Hence, the GAE datastore guarantees some form of disaster recovery.
While the GAE datastore is resilient against problems that targets a single datastore, it is still vulnerable to problems which affect the datastore globally. These problems include:
These problems occurs with a low probability, but in the event it does occur, it will cause large scale damage to TEAMMATES. Thus, it is important we take measures to ensure we always have data backup to restore any lost data.
The GAE provides an interface known as “Datastore admin”, which allows administrators to view and perform operations on any data stored within the datastore. This includes an option to perform data backup.
This method is simple as the backup will be performed on all entities automatically. The backup can also be made to perform on regular intervals via a cron job, which is a GAE feature that allows an application to perform tasks based on a schedule. This allows us to keep regular backups of all the data in the datastore.
The datastore admin can be found under the data section (circled in red).
While the datastore admin is easy to use, it is also has many limitations:
The datastore admin only offers an internal backup, which means any data backup can only be transferred within the app engine. This backup can only be used to restore data to an application, or migrate data to another application within the GAE. This is undesirable as we will be unable to migrate the data to another host other than the GAE as there is no option to export the data.

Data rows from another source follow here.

(* Every recourse action satisfies the subroute inequalities: along a
   subroute R' the entering flow is nonnegative and the leaving flow is at
   most C, so flow conservation gives d(R') <= C (y(R') + 1).
   Conversely, for an integer y satisfying them, let the vehicle pick up each
   demand and then unload as much as the y(v) depot trips allow; its load is
   then a sum of d - C y over a subroute ending at the current stop, hence at
   most C.
   Finally a real point y of the polyhedron, with prefix sums P_j along the
   route, is the average over a threshold t uniform in [0, 1) of the integer
   points y_t(v_j) = floor(P_j + y(v_j) + t) - floor(P_j + t), because
   floor(x + t) averages to x.  On a subroute y_t telescopes, so y_t satisfies
   the subroute inequalities; and y_t only changes when t crosses one of
   finitely many breakpoints given by fractional parts of prefix sums, which
   turns the average into a finite convex combination. *)

Definition fracpart (R : archiRealFieldType) (x : R) : R := x - (Num.floor x)%:~R.

Lemma fracpart_itv (R : archiRealFieldType) (x : R) : 0 <= fracpart x < 1.
Proof.
have := floor_itv x; rewrite /fracpart intrD => /andP[floor_le lt_floor1].
by apply/andP; split; lra.
Qed.

Lemma floorD1B (R : archiRealFieldType) (x u : R) : 0 <= u <= 1 ->
  Num.floor (x + (1 - u)) = Num.floor x + ((u <= fracpart x)%R : nat)%:R.
Proof.
move=> /andP[u_ge0 u_le1]; have /andP[f_ge0 f_lt1] := fracpart_itv x.
have -> : x + (1 - u) = fracpart x + (1 - u) + (Num.floor x)%:~R.
  by rewrite /fracpart; ring.
rewrite floorDrz ?intr_int // intrKfloor addrC; congr (_ + _); apply: floor_def.
by case: (lerP u (fracpart x)) => h;
  rewrite /= ?intrD ?rmorph0 ?rmorph1; apply/andP; split; lra.
Qed.

Section Breakpoints.
Variables (R : archiRealFieldType) (ts : seq R).
Hypotheses (ts_sorted : sorted <=%R ts) (ts_unit : all (fun t => 0 <= t < 1) ts)
  (ts0 : 0 \in ts).

(* Past its end [ts] reads as 1, so the gaps [t k.+1 - t k], [k < size ts],
   cut [0, 1) into consecutive intervals. *)
Local Notation t k := (nth 1 ts k).

Lemma breakpoint_itv k : 0 <= t k <= 1.
Proof.
have [lt_k|le_k] := ltnP k (size ts); last by rewrite nth_default // ler01 lexx.
by have /andP[-> /ltW ->] := allP ts_unit _ (mem_nth 1 lt_k).
Qed.

Lemma breakpoint_mono i j : (i <= j)%N -> t i <= t j.
Proof.
move=> le_ij; have [lt_j|le_j] := ltnP j (size ts).
  by apply: (sorted_leq_nth le_trans le_refl) => //; rewrite inE (leq_ltn_trans le_ij).
by rewrite (nth_default _ le_j); case/andP: (breakpoint_itv i).
Qed.

Lemma breakpoint0 : t 0 = 0.
Proof.
apply/eqP; rewrite eq_le; case/andP: (breakpoint_itv 0) => -> _.
by rewrite andbT -[X in _ <= X](nth_index 1 ts0) breakpoint_mono.
Qed.

Lemma sum_breakpoint_gaps : \sum_(k < size ts) (t k.+1 - t k) = 1.
Proof.
rewrite -(big_mkord xpredT (fun k => t k.+1 - t k)) telescope_sumr //.
by rewrite nth_default // breakpoint0 subr0.
Qed.

Lemma sum_breakpoint_gaps_le f : f \in ts ->
  \sum_(k < size ts) (t k.+1 - t k) * ((t k.+1 <= f)%R : nat)%:R = f.
Proof.
move=> ts_f; have /andP[f_ge0 f_lt1] := allP ts_unit _ ts_f.
rewrite -(big_mkord xpredT (fun k => (t k.+1 - t k) * ((t k.+1 <= f)%R : nat)%:R)).
rewrite (telescope_sumr_eq (fun k => Num.min (t k) f)) //; last first.
  move=> k _; have [le_f|lt_f] := lerP (t k.+1) f.
    by rewrite mulr1 !min_l // (le_trans (breakpoint_mono (leqnSn k))).
  (* [f] is itself a breakpoint, so it cannot lie strictly inside a gap. *)
  have le_ft : f <= t k.
    have [lt_ki|le_ik] := ltnP k (index f ts).
      by have := breakpoint_mono lt_ki; rewrite (nth_index 1 ts_f) leNgt lt_f.
    by rewrite -[X in X <= _](nth_index 1 ts_f) breakpoint_mono.
  by rewrite /= mulr0 !min_r ?subrr // ltW.
by rewrite nth_default // breakpoint0 (min_r (ltW f_lt1)) (min_l f_ge0) subr0.
Qed.

Lemma sum_breakpoint_floor x : fracpart x \in ts ->
  \sum_(k < size ts) (t k.+1 - t k) * (Num.floor (x + (1 - t k.+1)))%:~R = x.
Proof.
move=> ts_x; under eq_bigr do rewrite floorD1B ?breakpoint_itv // intrD mulrz_nat mulrDr.
rewrite big_split /= -mulr_suml sum_breakpoint_gaps mul1r.
by rewrite sum_breakpoint_gaps_le // /fracpart addrC subrK.
Qed.

End Breakpoints.

Section Load.
Variables (R : realDomainType) (e : nat -> R).

Fixpoint load j := if j is i.+1 then Num.max 0 (load i + e i) else 0.

Lemma load_ge0 j : 0 <= load j.
Proof. by case: j => //= j; rewrite le_max lexx. Qed.

Lemma load_eq_sum j : exists2 i, (i <= j)%N & load j = \sum_(i <= k < j) e k.
Proof.
elim: j => [|j [i le_ij IHj]]; first by exists 0%N; rewrite ?big_geq.
have [le0|gt0] := lerP (load j + e j) 0.
  by exists j.+1; rewrite //= big_geq // max_l.
by exists i; rewrite ?leqW //= max_r ?ltW // big_nat_recr //= IHj.
Qed.

End Load.

Section Route.
Variables (V : eqType) (x0 : V) (r : seq V).

Lemma pos_nth j : (j < size r)%N -> pos r j.+1 = Some (nth x0 r j).
Proof. by move=> lt_j; rewrite /pos /= (nth_map x0). Qed.

Lemma pos_Some i v : pos r i = Some v ->
  exists j, [/\ i = j.+1, (j < size r)%N & v = nth x0 r j].
Proof.
case: i => [|j] //; have [lt_j|le_j] := ltnP j (size r).
  by rewrite pos_nth // => -[<-]; exists j.
by rewrite /pos /= nth_default // size_map.
Qed.

Lemma subroute_nth a b : (a <= b < size r)%N ->
  subroute r a b = [seq nth x0 r i | i <- index_iota a b.+1].
Proof.
move=> /andP[le_ab lt_b].
have size_sub : size (subroute r a b) = (b - a).+1.
  by rewrite size_takel // size_drop; lia.
apply: (@eq_from_nth _ x0) => [|i]; first by rewrite size_sub size_map size_iota; lia.
rewrite size_sub => lt_i.
by rewrite nth_take // nth_drop (nth_map 0%N) ?size_iota ?nth_iota //; lia.
Qed.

Also, the backup can only be performed on types of entities.Therefore, we do not have the option to selectively backup the entities, and therefore every entity will be placed in the backup. This is inefficient as a previous backup might have already backup the entity. A better solution will be to simply check which entity has been modified since the last backup, and selectively backup those entities. However, since we are unable to backup individual entities, we will incur extra costs if we download all the data.
Lastly, as the backup data is still stored on the GAE and we are unable to export it for personal storage, it is still vulnerable to attacks by hackers who can wipe out all our backup data.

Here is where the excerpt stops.